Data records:
::::::

(* Let $K$ be a field, $A$ a cocommutative Hopf algebra over $K$ with antipode $S$, and $x\colon X\to A$, $y\colon Y\to A$ inclusions of Hopf subalgebras. The following are equivalent: (a) there exists a (necessarily unique) morphism of Hopf algebras $p\colon X\otimes Y\to A$ with $p(a\otimes 1)=a$ for all $a\in X$ and $p(1\otimes b)=b$ for all $b\in Y$; (b) $ab=ba$ for all $a\in X$ and $b\in Y$; (c) $a_1b_1S(a_2)S(b_2)=\epsilon(a)\epsilon(b)1$ for all $a\in X$ and $b\in Y$.
   Context: Sweedler notation $\Delta(a)=a_1\otimes a_2$ is used. $X\otimes Y$ is the product of $X$ and $Y$ in the category of cocommutative Hopf algebras, with the tensor product Hopf algebra structure; condition (a) says that $X$ and $Y$ commute in the sense of Huq. *)

(* Hopf algebras over a field K, with tensors encoded by
   finite Sweedler-style representatives. *)
From HB Require Import structures.
From mathcomp Require Import all_boot all_order all_algebra.
Set Implicit Arguments. Unset Strict Implicit. Unset Printing Implicit Defensive.
Import GRing.Theory.
Local Open Scope ring_scope.

Section Tensors.
Variable K : fieldType.

(* Two finite representatives s, t of elements of V (x) W are equal as
   tensors iff they agree under all pairs of linear functionals
   (V (x) W embeds into Bil(V^* x W^*, K) over a field). *)
Definition teq2 (V W : lmodType K) (s t : seq (V * W)) : Prop :=
  forall (f : {scalar V}) (g : {scalar W}),
    \sum_(p <- s) f p.1 * g p.2 = \sum_(p <- t) f p.1 * g p.2.

Definition teq3 (U V W : lmodType K) (s t : seq (U * V * W)) : Prop :=
  forall (f : {scalar U}) (g : {scalar V}) (h : {scalar W}),
    \sum_(p <- s) f p.1.1 * g p.1.2 * h p.2
    = \sum_(p <- t) f p.1.1 * g p.1.2 * h p.2.
End Tensors.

::::::

TASK DESCRIPTION:
All lines from the one containing "(V (x) W embeds" through the end of the data, and no others, are to be given again word for word.

EXPECTED ANSWER:
   (V (x) W embeds into Bil(V^* x W^*, K) over a field). *)
Definition teq2 (V W : lmodType K) (s t : seq (V * W)) : Prop :=
  forall (f : {scalar V}) (g : {scalar W}),
    \sum_(p <- s) f p.1 * g p.2 = \sum_(p <- t) f p.1 * g p.2.

Definition teq3 (U V W : lmodType K) (s t : seq (U * V * W)) : Prop :=
  forall (f : {scalar U}) (g : {scalar V}) (h : {scalar W}),
    \sum_(p <- s) f p.1.1 * g p.1.2 * h p.2
    = \sum_(p <- t) f p.1.1 * g p.1.2 * h p.2.
End Tensors.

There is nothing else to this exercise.